Start of Records for the task

(* Let $n>7$ with $n\equiv 3\pmod 4$ and put $k=\frac{n-5}{2}$. In the automaton $\mathcal{F}_n$, the minimum length of a word $w$ over $\{a,b\}$ with $\{q_2,q_4\}\cdot w=\{q_{k+2},q_{k+4}\}$ is exactly $\frac{n^2}{4}+\frac{5n}{4}-7$.
   Context: Words act on states letter by letter from left to right, and on sets elementwise. For odd $n\ge7$, the automaton $\mathcal{F}_n$ has states $q_1,\dots,q_n$ and two letters $a,b$, both permutations, defined as follows (every state not mentioned for a letter is fixed by it): $a$ acts as the 4-cycle $q_1\to q_2\to q_3\to q_4\to q_1$; $b$ swaps $q_1$ and $q_6$; for each $1\le i\le\frac{n-3}{2}$, the states $q_{2i+1}$ and $q_{2i+3}$ are swapped by $b$ if $i$ is odd and by $a$ if $i$ is even; for each $3\le j\le\frac{n-3}{2}$, the states $q_{2j}$ and $q_{2j+2}$ are swapped by $a$ if $j$ is odd and by $b$ if $j$ is even. *)

From mathcomp Require Import all_boot.
Set Implicit Arguments. Unset Strict Implicit. Unset Printing Implicit Defensive.

(* States q_1..q_n are represented by the natural numbers 1..n. *)
Inductive letter := La | Lb.

Definition swap_in (ps : seq (nat * nat)) (q : nat) : nat :=
  foldr (fun p r => if q == p.1 then p.2 else if q == p.2 then p.1 else r) q ps.

Definition odd_pairs (n : nat) (par : bool) : seq (nat * nat) :=
  [seq (2 * i + 1, 2 * i + 3) | i <- iota 1 ((n - 3) %/ 2) & odd i == par].

Definition even_pairs (n : nat) (par : bool) : seq (nat * nat) :=
  [seq (2 * j, 2 * j + 2) | j <- iota 3 ((n - 3) %/ 2 - 2) & odd j == par].

Definition act_a (n q : nat) : nat :=
  if q == 1 then 2 else if q == 2 then 3 else if q == 3 then 4
  else if q == 4 then 1
  else swap_in (odd_pairs n false ++ even_pairs n true) q.

Definition act_b (n q : nat) : nat :=
  swap_in ((1, 6) :: odd_pairs n true ++ even_pairs n false) q.

Definition act_letter (n : nat) (l : letter) (q : nat) : nat :=
  match l with La => act_a n q | Lb => act_b n q end.

Definition act_word (n : nat) (w : seq letter) (q : nat) : nat :=
  foldl (fun q l => act_letter n l q) q w.

Definition act_set (n : nat) (S : seq nat) (w : seq letter) : seq nat :=
  [seq act_word n w q | q <- S].

(* Relabel the states as the points of Z/n so that each letter acts as a reflection of the n-gon
   followed by the transposition of 0 and 1.  A pair of states is then a chord, which a letter moves
   rigidly unless exactly one endpoint lies in {0, 1}, in which case its length changes by one.
   The least number of letters bringing a chord to the target chord has an explicit piecewise
   closed form [dist]; it is certified by checking that no letter lowers [dist] by more than one
   and that, away from the target, some letter lowers it by exactly one.  The starting pair
   {q_2, q_4} is the chord {0, 1}, at distance n^2/4 + 5n/4 - 7. *)

From Stdlib Require Import ZArith Lia.

Open Scope Z_scope.

Definition nstates t := 4*t+3.

(* A chord {x, x + h} of Z/n with 1 <= h <= (n-1)/2 is stored as (h, Q), Q being the odd
   representative modulo 2n of its first endpoint x; in these coordinates every reflection of
   the n-gon acts on Q as Q |-> c - Q (mod 2n). *)
Definition mirror t c Q := if Q <=? c then c - Q else c + 2 * nstates t - Q.

Definition chord_a t (c : Z * Z) : Z * Z :=
  let '(h, Q) := c in let n := nstates t in
  if Z.odd h then
    if h =? 1 then
      (if Q =? n-2 then (1, n) else if Q =? 2*n-3 then (2, n) else if Q =? 2*n-1 then (2, 2*n-1)
       else (1, mirror t (2*n-2) Q))
    else if h =? 2*t+1 then
      (if Q =? 2*n-h-2 then (h, 2*n-h) else if Q =? 2*n-1 then (h, 1)
       else if Q =? n-h-1 then (h-1, 1) else if Q =? n-2 then (h-1, n+1-h)
       else (h, mirror t (2*n-1-h) Q))
    else if Q =? n-h-1 then (h-1, 1)
    else if Q =? n-2 then (h-1, n+1-h)
    else if Q =? 2*n-h-2 then (h+1, n)
    else if Q =? 2*n-1 then (h+1, 2*n-h)
    else (h, mirror t (2*n-1-h) Q)
  else
    if Q =? n-h-2 then (h+1, n)
    else if Q =? n-2 then (h-1, 2*n+1-h)
    else if Q =? 2*n-h-1 then (h-1, 1)
    else if Q =? 2*n-1 then (h+1, n-h)
    else (h, mirror t (n-1-h) Q).

Definition chord_b t (c : Z * Z) : Z * Z :=
  let '(h, Q) := c in let n := nstates t in
  if Z.odd h then
    if h =? 1 then
      (if Q =? n then (1, n) else if Q =? 1 then (2, 2*n-1) else if Q =? 2*n-1 then (2, n)
       else (1, mirror t (2*n) Q))
    else if h =? 2*t+1 then
      (if Q =? 1 then (h, 1) else if Q =? 2*n-h then (h, 2*n-h)
       else if Q =? n-h+1 then (h-1, 1) else if Q =? n then (h-1, n+1-h)
       else (h, mirror t (2*n+1-h) Q))
    else if Q =? 1 then (h+1, 2*n-h)
    else if Q =? n-h+1 then (h-1, 1)
    else if Q =? n then (h-1, n+1-h)
    else if Q =? 2*n-h then (h+1, n)
    else (h, mirror t (2*n+1-h) Q)
  else
    if Q =? 1 then (h+1, n-h)
    else if Q =? n-h then (h+1, n)
    else if Q =? n then (h-1, 2*n+1-h)
    else if Q =? 2*n-h+1 then (h-1, 1)
    else (h, mirror t (n+1-h) Q).

Definition chord_step t (l : letter) (c : Z * Z) : Z * Z :=
  match l with La => chord_a t c | Lb => chord_b t c end.

Definition chord_valid t (c : Z * Z) : Prop :=
  let '(h, Q) := c in 1 <= h <= 2*t+1 /\ exists i, Q = 2*i+1 /\ 1 <= Q <= 2 * nstates t - 1.

(* The number of letters needed to move a chord to the target chord, of length 2t+1 and second
   coordinate 7t+5 or 7t+6 (whichever is odd): a base value depending on the length only, plus a
   piecewise affine function of Q. *)

Definition dist_one t Q := let n := nstates t in
  if Q <=? 1 then 0 else if Q <=? n-1 then Q else 2*n-1-Q.

Definition dist_odd t j Q :=
  let n := nstates t in let h := 2*j+1 in
  if Q <=? 1 then 1 - Q
  else if Q <=? n-h then Q+1
  else if Q <=? n-h+2 then (if j =? 1 then n else 2*(n-h)+5-Q)
  else if Q <=? n - (j+1) then Q+1
  else if Q <=? n-2 then 2*n+1-h-Q
  else if Q =? n-1 then n+4-h
  else if Q <=? 2*n-h-2 then 2*n+1-h-Q
  else if Q <=? 2*n-h then Q-(2*n-h-1)
  else if Q <=? 2*n-(j+1) then Q-(2*n-h+1)
  else 2*n-1-Q.

Definition dist_even_generic t j Q :=
  let n := nstates t in let h := 2*j in let e := 2*t+1-j in
  if Q <=? 1 then Q
  else if Q <=? e then Q-2
  else if Q <=? n-h-2 then n-h-2-Q
  else if Q <=? n-h then n-h-Q
  else if Q <=? n-1 then Q-(n-h-2)
  else if Q <=? n+1 then n+h+4-Q
  else if Q <=? n+e then Q-(n-h-2)
  else 2*n+2-Q.

Definition dist_even t j Q :=
  let n := nstates t in let h := 2*j in let e := 2*t+1-j in
  if j =? 1 then
    (if n <=? Q then (if Q =? n then 4 else if Q <=? n+e then Q-(n-h-2)-1 else 2*n+1-Q)
     else dist_even_generic t j Q)
  else dist_even_generic t j Q.

Definition dist_top t Q :=
  if Q <=? 2 then t+3-Q
  else if Q <=? 2*t+2 then Q+t-1
  else if Q <=? 2*t+4 then 5*t+7-Q
  else if Q <=? 3*t+2 then Q+t-1
  else if Q <=? 6*t+3 then 7*t+4-Q
  else if Q <=? 7*t+5 then 7*t+5-Q
  else Q-(7*t+6).

Definition base_odd t j := 5*t+4 + (t-1-j) * (4*t+6).
Definition base_even t j := base_odd t j + nstates t - 2*j + 1.
Definition base_one t := base_odd t 1 + nstates t + 2.

Definition dist t (c : Z * Z) : Z :=
  let '(h, Q) := c in
  if h =? 2*t+1 then dist_top t Q
  else if h =? 1 then base_one t + dist_one t Q
  else if Z.odd h then base_odd t (h/2) + dist_odd t (h/2) Q
  else base_even t (h/2) + dist_even t (h/2) Q.

Lemma Zodd_2j1 j : Z.odd (2*j+1) = true.
Proof. rewrite Z.add_comm; apply Z.odd_add_mul_2. Qed.

Lemma Zodd_2j j : Z.odd (2*j) = false.
Proof. rewrite <- (Z.add_0_l (2*j)), Z.odd_add_mul_2; reflexivity. Qed.

Lemma dist_top_eq t h Q : h = 2*t+1 -> dist t (h, Q) = dist_top t Q.
Proof. intros ->; unfold dist; now rewrite Z.eqb_refl. Qed.

Lemma dist_one_eq t Q : 2 <= t -> dist t (1, Q) = base_one t + dist_one t Q.
Proof.
  intros Ht; unfold dist.
  replace (1 =? 2*t+1) with false by (symmetry; apply Z.eqb_neq; lia).
  now rewrite Z.eqb_refl.
Qed.

Lemma dist_odd_eq t h j Q : h = 2*j+1 -> 1 <= j <= t-1 ->
  dist t (h, Q) = base_odd t j + dist_odd t j Q.
Proof.
  intros -> Hj; unfold dist.
  replace (2*j+1 =? 2*t+1) with false by (symmetry; apply Z.eqb_neq; lia).
  replace (2*j+1 =? 1) with false by (symmetry; apply Z.eqb_neq; lia).
  rewrite Zodd_2j1.
  now replace ((2*j+1)/2) with j by (apply Z.div_unique with 1; lia).
Qed.

Lemma dist_even_eq t h j Q : h = 2*j -> 1 <= j <= t ->
  dist t (h, Q) = base_even t j + dist_even t j Q.
Proof.
  intros -> Hj; unfold dist.
  replace (2*j =? 2*t+1) with false by (symmetry; apply Z.eqb_neq; lia).
  replace (2*j =? 1) with false by (symmetry; apply Z.eqb_neq; lia).
  rewrite Zodd_2j.
  now replace ((2*j)/2) with j by (apply Z.div_unique with 0; lia).
Qed.

Lemma base_odd_succ t j : base_odd t (j+1) = base_odd t j - (4*t+6).
Proof. unfold base_odd; ring. Qed.

Lemma base_odd_top t : base_odd t t = t - 2.
Proof. unfold base_odd; ring. Qed.

Lemma base_odd_ge0 t j : 2 <= t -> j <= t -> 0 <= base_odd t j.
Proof. intros; unfold base_odd; nia. Qed.

Lemma Zodd_true x : Z.odd x = true -> exists k, x = 2*k+1.
Proof. intros H; apply Z.odd_spec in H; exact H. Qed.

Lemma Zodd_false x : Z.odd x = false -> exists k, x = 2*k.
Proof.
  intros H; apply Z.even_spec; rewrite <- Z.negb_odd, H; reflexivity.
Qed.

Ltac case_ifs :=
  repeat (match goal with |- context[if ?c then _ else _] =>
            lazymatch c with context[if _ then _ else _] => fail | _ =>
            let H := fresh "H" in destruct c eqn:H;
            [ first [apply Z.leb_le in H | apply Z.eqb_eq in H | apply Z.ltb_lt in H
                    | (apply Zodd_true in H; destruct H as [? H]) | idtac]
            | first [apply Z.leb_gt in H | apply Z.eqb_neq in H | apply Z.ltb_ge in H
                    | (apply Zodd_false in H; destruct H as [? H]) | idtac]] end end).

Ltac rewrite_parity :=
  repeat match goal with
  | |- context[Z.odd (2*?j+1)] => rewrite (Zodd_2j1 j)
  | |- context[Z.odd (2*?j)] => rewrite (Zodd_2j j)
  | |- context[Z.odd 1] => change (Z.odd 1) with true
  end.

Ltac rewrite_dist j :=
  repeat match goal with
  | |- context[dist ?t (?h, ?Q)] =>
     first [ rewrite (dist_top_eq t h Q) by lia
           | rewrite (dist_odd_eq t h j Q) by lia | rewrite (dist_odd_eq t h (j-1) Q) by lia
           | rewrite (dist_odd_eq t h (j+1) Q) by lia
           | rewrite (dist_even_eq t h j Q) by lia | rewrite (dist_even_eq t h (j+1) Q) by lia
           | rewrite (dist_even_eq t h (j-1) Q) by lia
           | replace h with 1 by lia; rewrite (dist_one_eq t Q) by lia ]
  end.

Ltac base_facts t j :=
  pose proof (base_odd_succ t j); pose proof (base_odd_succ t (j-1)); pose proof (base_odd_top t);
  replace (j-1+1) with j in * by ring;
  unfold base_even, base_one in *; unfold nstates in *.

Ltac solve_dist t j :=
  case_ifs; try lia; rewrite_dist j; base_facts t j;
  unfold dist_odd, dist_even, dist_even_generic, dist_top, dist_one, mirror in *;
  unfold nstates in *; case_ifs; lia.

Ltac unfold_step l := destruct l; unfold chord_step, chord_a, chord_b; rewrite_parity.

Lemma dist_lip_odd t l j Q : 2 <= t -> 1 <= j <= t-1 -> chord_valid t (2*j+1, Q) ->
  dist t (2*j+1, Q) <= dist t (chord_step t l (2*j+1, Q)) + 1.
Proof.
  intros Ht Hj [_ [i [HQ HQr]]]; rewrite (dist_odd_eq t (2*j+1) j) by lia.
  unfold_step l; solve_dist t j.
Qed.

Lemma dist_lip_even t l j Q : 2 <= t -> 1 <= j <= t -> chord_valid t (2*j, Q) ->
  dist t (2*j, Q) <= dist t (chord_step t l (2*j, Q)) + 1.
Proof.
  intros Ht Hj [_ [i [HQ HQr]]]; rewrite (dist_even_eq t (2*j) j) by lia.
  destruct (Z.eq_dec j 1) as [->|Hj1]; [|destruct (Z.eq_dec j t) as [->|Hjt]].
  - unfold_step l; solve_dist t 1.
  - unfold_step l; solve_dist t t.
  - unfold_step l; solve_dist t j.
Qed.

Lemma dist_lip_one t l Q : 2 <= t -> chord_valid t (1, Q) ->
  dist t (1, Q) <= dist t (chord_step t l (1, Q)) + 1.
Proof.
  intros Ht [_ [i [HQ HQr]]]; rewrite (dist_one_eq t) by lia.
  unfold_step l; solve_dist t 1.
Qed.

Lemma dist_lip_top t l Q : 2 <= t -> chord_valid t (2*t+1, Q) ->
  dist t (2*t+1, Q) <= dist t (chord_step t l (2*t+1, Q)) + 1.
Proof.
  intros Ht [_ [i [HQ HQr]]]; rewrite (dist_top_eq t) by lia.
  unfold_step l; solve_dist t t.
Qed.

Ltac descend t j :=
  first [ exists La; unfold chord_step, chord_a; rewrite_parity; solve_dist t j
        | exists Lb; unfold chord_step, chord_b; rewrite_parity; solve_dist t j ].

Lemma dist_desc_odd t j Q : 2 <= t -> 1 <= j <= t-1 -> chord_valid t (2*j+1, Q) ->
  exists l, dist t (chord_step t l (2*j+1, Q)) + 1 = dist t (2*j+1, Q).
Proof.
  intros Ht Hj [_ [i [HQ HQr]]]; rewrite (dist_odd_eq t (2*j+1) j) by lia.
  unfold dist_odd; case_ifs; descend t j.
Qed.

Lemma dist_desc_even t j Q : 2 <= t -> 1 <= j <= t -> chord_valid t (2*j, Q) ->
  exists l, dist t (chord_step t l (2*j, Q)) + 1 = dist t (2*j, Q).
Proof.
  intros Ht Hj [_ [i [HQ HQr]]]; rewrite (dist_even_eq t (2*j) j) by lia.
  unfold dist_even, dist_even_generic.
  destruct (Z.eq_dec j 1) as [->|Hj1]; [|destruct (Z.eq_dec j t) as [->|Hjt]].
  - case_ifs; descend t 1.
  - case_ifs; descend t t.
  - case_ifs; descend t j.
Qed.

Lemma dist_desc_one t Q : 2 <= t -> chord_valid t (1, Q) ->
  exists l, dist t (chord_step t l (1, Q)) + 1 = dist t (1, Q).
Proof.
  intros Ht [_ [i [HQ HQr]]]; rewrite (dist_one_eq t) by lia.
  unfold dist_one; case_ifs; descend t 1.
Qed.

End of Records for the task

Your objective
Which lines of the material contain the string "idtac"? List each of them.

Task answer
                    | (apply Zodd_true in H; destruct H as [? H]) | idtac]
                    | (apply Zodd_false in H; destruct H as [? H]) | idtac]] end end).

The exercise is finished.